Golf fans - and golf writers - are a difficult breed to please.
When Tiger Woods was winning everything - before he admitted his leg was busted and gave everybody the psychological boost they needed, before taking it away again by saying he'd won the US Open with it - people were bemoaning his dominance saying it wasn't good for the sport.
'Where are all the other challengers?' the pundits mused. 'His dominance is ruining golf' they claimed.
Fast forward 10 months and followers of the women's game, particularly in the US, are upset for the opposite reason: there's no dominant woman - primarily there's no dominant woman, or even emerging woman, to whom the US public can lay claim.
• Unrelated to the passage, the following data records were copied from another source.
Section common_kernel.
Variables (R : realType) (n : nat) (A B : 'M[R]_n).
Hypotheses (sA : A^T = A) (sB : B^T = B).
Implicit Types (f g k x y : 'cV[R]_n).

Local Notation P := (A *m A + B *m B).

Let sP : P^T = P.
Proof. by rewrite raddfD /= !trmx_mul sA sB. Qed.

Let kerP k : P *m k = 0 -> A *m k = 0 /\ B *m k = 0.
Proof.
move=> Pk; have : sqnorm (A *m k) + sqnorm (B *m k) = 0.
  rewrite /sqnorm (lform_sym_mulmx (A *m k) k sA) (lform_sym_mulmx (B *m k) k sB).
  by rewrite !mulmxA -lformDr -mulmxDl Pk lform0r.
by move/eqP; rewrite paddr_eq0 ?sqnorm_ge0 // => /andP[/eqP/sqnorm_eq0 -> /eqP/sqnorm_eq0 ->].
Qed.

Lemma common_coker_ker y :
  common_coker A B *m y = 0 -> A *m y = 0 -> B *m y = 0 -> y = 0.
Proof.
move=> Ky Ay By.
have /submxP[D yD] : (y^T <= P)%MS by rewrite submxE -[cokermx _]trmxK -trmx_mul Ky trmx0.
have yPD : y = P *m D^T by rewrite -[y]trmxK yD trmx_mul sP.
apply: sqnorm_eq0; rewrite /sqnorm {2}yPD lform_sym_mulmx //.
by rewrite mulmxDl -!mulmxA Ay By !mulmx0 addr0 lform0r.
Qed.

Lemma common_coker_decomp f g :
  (forall k, A *m k = 0 -> B *m k = 0 -> lform f k = 0 /\ lform g k = 0) ->
  forall x, exists y, [/\ common_coker A B *m y = 0, qp_obj A f y = qp_obj A f x
                                                 & qp_obj B g y = qp_obj B g x].
Proof.
move=> fg_orth x.
have sPP : (P *m P)^T = P *m P by rewrite trmx_mul sP.
have PP_orth k : (P *m P) *m k = 0 -> lform (P *m x) k = 0.
  move=> PPk; have Pk : P *m k = 0.
    by apply: sqnorm_eq0; rewrite /sqnorm lform_sym_mulmx // mulmxA PPk lform0r.
  by rewrite lform_sym lform_sym_mulmx // Pk lform0r.
have [u Pxu] := sym_range_of_orth_ker sPP PP_orth.
have [Az Bz] : A *m (x - P *m u) = 0 /\ B *m (x - P *m u) = 0.
  by apply: kerP; rewrite mulmxBr Pxu mulmxA subrr.
have [fz gz] := fg_orth _ Az Bz.
exists (P *m u); split.
- have : (P *m u)^T *m cokermx P = 0 by rewrite trmx_mul sP -mulmxA mulmx_coker mulmx0.
  by move/(congr1 trmx); rewrite trmx_mul trmxK trmx0.
- by rewrite -[in RHS](subrKC (P *m u) x) qp_obj_ker.
- by rewrite -[in RHS](subrKC (P *m u) x) qp_obj_ker.
Qed.
End common_kernel.

Section compactness.
Variables (R : realType) (n : nat).
Implicit Types (M : 'M[R]_n) (h : 'cV[R]_n).

Lemma continuous_sum (I : Type) (r : seq I) (F : I -> 'rV[R]_n -> R) :
  (forall i, continuous (F i)) -> continuous (fun v => \sum_(i <- r) F i v).
Proof. by move=> Fc; apply: continuous_big => // -[x y]; exact: add_continuous. Qed.

Lemma continuous_mulmx_coord m (N : 'M[R]_(n, m)) j :
  continuous (fun v : 'rV[R]_n => (v *m N) 0 j).
Proof.
under eq_fun do rewrite mxE.
by apply: continuous_sum => i v; apply: continuousM; [exact: coord_continuous|exact: cst_continuous].
Qed.

Lemma continuous_lform h : continuous (fun v : 'rV[R]_n => lform h v^T).
Proof.
under eq_fun do rewrite lform_sym /lform trmxK.
exact: continuous_mulmx_coord.
Qed.

Lemma continuous_qform M : continuous (fun v : 'rV[R]_n => qform M v^T).
Proof.
have qE v : qform M v^T = \sum_j (v *m M) 0 j * v 0 j.
  by rewrite /qform trmxK mxE; apply: eq_bigr => j _; rewrite [v^T _ _]mxE.
under eq_fun do rewrite qE.
apply: continuous_sum => j v; apply: continuousM; first exact: continuous_mulmx_coord.
exact: coord_continuous.
Qed.

Lemma continuous_sqnorm : continuous (fun v : 'rV[R]_n => sqnorm v^T).
Proof. by under eq_fun do rewrite -qform1; exact: continuous_qform. Qed.

Lemma continuous_qp_obj M h : continuous (fun v : 'rV[R]_n => qp_obj M h v^T).
Proof.
move=> v; apply: (@continuousB R R^o _ (fun v => qform M v^T) (fun v => 2 * lform h v^T)).
  exact: continuous_qform.
by apply: continuousM; [exact: cst_continuous|exact: continuous_lform].
Qed.

Lemma closed_le_of_continuous (T : topologicalType) (F : T -> R) b :
  continuous F -> closed [set v | F v <= b].
Proof.
move=> Fc; rewrite (_ : [set v | _] = F @^-1` [set x | x <= b]) //.
by apply: (proj1 (continuous_closedP F) Fc); exact: closed_le.
Qed.

Lemma closed_eq_of_continuous (T : topologicalType) (F : T -> R) b :
  continuous F -> closed [set v | F v = b].
Proof.
move=> Fc; rewrite (_ : [set v | _] = F @^-1` [set x | x = b]) //.
by apply: (proj1 (continuous_closedP F) Fc); exact: closed_eq.
Qed.

Lemma bounded_set_of_coord_le (S : set 'rV[R]_n) b :
  (forall v, S v -> forall i, `|v 0 i| <= b) -> bounded_set S.
Proof.
move=> Sb; rewrite /bounded_set /bounded_near; near=> M => v Sv /=.
apply: (@le_trans _ _ (Num.max b 0)).
  rewrite /Num.Def.normr /= mx_normrE; apply: bigmax_le => [|[i j] _] /=.
    by rewrite le_max lexx orbT.
  by rewrite (ord1 i) le_max Sb.
by near: M; apply: nbhs_pinfty_ge; exact: num_real.
Unshelve. all: by end_near.
Qed.

(* Compactness of bounded closed sets is available for row vectors, hence the transposes. *)
Lemma min_attained_of_bounded (S : 'cV[R]_n -> Prop) (F : 'cV[R]_n -> R) b :
  closed [set v : 'rV[R]_n | S v^T] -> continuous (fun v : 'rV[R]_n => F v^T) ->
  (exists y, S y) -> (forall y, S y -> sqnorm y <= b) ->
  exists2 c, S c & forall y, S y -> F c <= F y.
Proof.
move=> Sclosed Fc [y Sy] Sb.
have Sbounded : bounded_set [set v : 'rV[R]_n | S v^T].
  apply: (@bounded_set_of_coord_le _ (1 + b)) => v /Sb vb i.
  have := le_trans (sqr_coord_le_sqnorm v^T i) vb; rewrite mxE -(real_normK (num_real _)).
  by have := normr_ge0 (v 0 i); nra.
have Sne : [set v : 'rV[R]_n | S v^T] !=set0 by exists y^T; rewrite /= trmxK.
have [c Sc cmin] := EVT_min_rV Sne (bounded_closed_compact Sbounded Sclosed)
  (continuous_subspaceT Fc).
exists c^T => [|x Sx]; first by move: Sc; rewrite inE.
by rewrite -[x]trmxK; apply: cmin; rewrite inE /= trmxK.
Qed.
End compactness.

Section coercivity.
Variables (R : realType) (n m : nat) (K : 'M[R]_(m, n)).

Lemma closed_ker : closed [set v : 'rV[R]_n | K *m v^T = 0].
Proof.
rewrite (_ : [set v | _] = [set v | qform (K^T *m K) v^T = 0]).
  exact/closed_eq_of_continuous/continuous_qform.
apply/seteqP; split=> v /=; first by rewrite qformE -mulmxA => ->; rewrite mulmx0 lform0r.
by rewrite qformE -mulmxA /lform mulmxA -trmx_mul => /sqnorm_eq0.
Qed.

Lemma coercive_on_ker (F : 'cV[R]_n -> R) :
  continuous (fun v : 'rV[R]_n => F v^T) -> (forall t y, F (t *: y) = t ^+ 2 * F y) ->
  (forall y, K *m y = 0 -> y != 0 -> 0 < F y) ->
  exists2 eps, 0 < eps & forall y, K *m y = 0 -> eps * sqnorm y <= F y.
Proof.
move=> Fc Fhom Fpos.
have F0 : F 0 = 0 by have := Fhom 0 0; rewrite scale0r expr2 !mul0r.
have sqnorm0 : sqnorm (0 : 'cV[R]_n) = 0 by rewrite /sqnorm lform0r.
pose S y := K *m y = 0 /\ sqnorm y = 1.
have normalize y : K *m y = 0 -> y != 0 ->
    S ((Num.sqrt (sqnorm y))^-1 *: y) /\ sqnorm y = Num.sqrt (sqnorm y) ^+ 2.
  move=> Ky y0; have y_gt0 : 0 < sqnorm y.
    by rewrite lt_neqAle sqnorm_ge0 andbT eq_sym; apply: contra y0 => /eqP/sqnorm_eq0->.
  rewrite sqr_sqrtr ?ltW //; split=> //; split; first by rewrite -scalemxAr Ky scaler0.
  by rewrite sqnormZ exprVn sqr_sqrtr ?ltW // mulVf ?gt_eqF.
have [[s0 Ss0]|noS] := pselect (exists y, S y); last first.
  exists 1 => // y Ky; have [->|y0] := eqVneq y 0.
    by rewrite sqnorm0 F0 mulr0.
  by case: noS; exists ((Num.sqrt (sqnorm y))^-1 *: y); exact: (normalize _ Ky y0).1.
have Sclosed : closed [set v : 'rV[R]_n | S v^T].
  apply: closedI; first exact: closed_ker.
  exact/closed_eq_of_continuous/continuous_sqnorm.
have Sbounded y : S y -> sqnorm y <= 1 by move=> [_ ->].
have [c [Kc c1] cmin] := min_attained_of_bounded Sclosed Fc (ex_intro _ _ Ss0) Sbounded.
exists (F c) => [|y Ky].
  by apply: Fpos Kc _; apply: contra_eq_neq c1 => ->; rewrite sqnorm0 eq_sym oner_eq0.
have [->|y0] := eqVneq y 0; first by rewrite sqnorm0 F0 mulr0.
have [] := normalize _ Ky y0; set r := Num.sqrt _ => Sz yr.
have r2_neq0 : r ^+ 2 != 0 by rewrite -yr; apply: contra y0 => /eqP/sqnorm_eq0->.
have := cmin _ Sz; rewrite Fhom exprVn => /(ler_wpM2l (sqr_ge0 r)).
by rewrite yr mulrA mulfV // mul1r mulrC.
Qed.
End coercivity.

Definition qp_attained {R : realType} {n : nat} (A B : 'M[R]_n) (f g : 'cV[R]_n) (mu : R) :=
  exists xs, qp_feas B g mu xs /\
    forall x, qp_feas B g mu x -> qp_obj A f xs <= qp_obj A f x.

Section qp1qc.
Variables (R : realType) (n : nat) (A B : 'M[R]_n) (f g : 'cV[R]_n) (mu L : R).
Hypotheses (sA : A^T = A) (sB : B^T = B).
Hypothesis obj_lbound : forall x, qp_feas B g mu x -> L <= qp_obj A f x.
Implicit Types (d x y : 'cV[R]_n).

Lemma qp_attained_of_descent_dir d :
  qform A d <= 0 -> qform B d < 0 -> qp_attained A B f g mu.
Proof.
move=> Ad Bd.
have feas_far x : exists T, forall t, T <= `|t| -> qp_feas B g mu (x + t *: d).
  have [T HT] := concave_quad_le0_far (qp_obj B g x - mu) (lform d (B *m x) - lform g d) Bd.
  by exists T => t /HT; rewrite qp_feasE qp_objDZr //; lra.
have obj_inv x t : qp_obj A f (x + t *: d) = qp_obj A f x.
  have [T HT] := feas_far x.
  have [Ad0 coef0] : qform A d = 0 /\ lform d (A *m x) - lform f d = 0.
    apply: (quad_coefs_eq0_of_far_lbound (T := T) (L := L) (c := qp_obj A f x)) => //.
    by move=> s /HT/obj_lbound; rewrite qp_objDZr.
  by rewrite qp_objDZr // Ad0 coef0; ring.
have obj_bdd x : L <= qp_obj A f x.
  have [T HT] := feas_far x.
  by rewrite -(obj_inv x T); apply/obj_lbound/HT/ler_norm.
have [w wmin] := qp_min_of_lbound sA obj_bdd.
have [T HT] := feas_far w.
by exists (w + T *: d); split=> [|x _]; [exact/HT/ler_norm | rewrite obj_inv wmin].
Qed.

Lemma qp_attained_of_kernel_dir d :
  A *m d = 0 -> B *m d = 0 -> lform g d != 0 -> qp_attained A B f g mu.
Proof.
move=> Ad Bd gd.
pose e := (lform g d)^-1 *: d.
have Ae : A *m e = 0 by rewrite -scalemxAr Ad scaler0.
have Be : B *m e = 0 by rewrite -scalemxAr Bd scaler0.
have ge : lform g e = 1 by rewrite lformZr mulVf.
pose lam := - lform f e.
have lam_ge0 : 0 <= lam.
  suff : 0 <= 2 * lam by lra.
  apply: (@ge0_slope_of_ray_lbound _ ((qp_obj B g 0 - mu) / 2) L (qp_obj A f 0)) => t t_ge.
  have := obj_lbound (x := 0 + t *: e).
  by rewrite qp_feasE !qp_objDZr_ker // ge /lam; lra.
have sAB : (A + lam *: B)^T = A + lam *: B by rewrite linearD linearZ /= sA sB.
(* [active x] lies on the boundary of the constraint, where the objective is the
   Lagrangian with multiplier [lam]. *)
pose active x := x + ((qp_obj B g x - mu) / 2) *: e.
have active_feas x : qp_obj B g (active x) = mu.
  by rewrite qp_objDZr_ker // ge; field.
have active_obj x : qp_obj A f (active x) = qp_obj (A + lam *: B) (f + lam *: g) x - lam * mu.
  by rewrite qp_objDZr_ker // qp_objDZl /lam; field.
have lagr_bdd x : L + lam * mu <= qp_obj (A + lam *: B) (f + lam *: g) x.
  have := obj_lbound (x := active x).
  by rewrite qp_feasE active_feas active_obj => /(_ (lexx mu)); lra.
have [w wmin] := qp_min_of_lbound sAB lagr_bdd.
exists (active w); split=> [|x]; first by rewrite qp_feasE active_feas.
rewrite qp_feasE active_obj => x_feas.
have := wmin x; rewrite !qp_objDZl.
have : lam * (qp_obj B g x - mu) <= 0 by rewrite mulr_ge0_le0 // subr_le0.
lra.
Qed.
After 23-year-old South Korean Eun Hee Ji took the US Women's Open title on Sunday, critics in the US started bemoaning the fact that 16 different players had won the last 17 majors, with only world number Lorena Ochoa winning twice.
What really rankles one would imagine is that only eight of the last 37 major championships have been won by an American.
Surely the competition is great for the sport? One only has to look at Premiership football to realise how dull and uninteresting a sport can become if its front-runners are already determined before the start of the campaign.
In the last few years more focus has been on the bottom end of the table where the excitement and unpredictability is riveting.
Personally, if 16 different players had won the last 17 men's majors I'd be overjoyed - not least because chances are my Paddy Power account wouldn't look quite so bleak...
Dominance in any sport can be a bore sometimes but what women's golf needs is a superstar - someone with loads of talent and great personality to draw in audiences.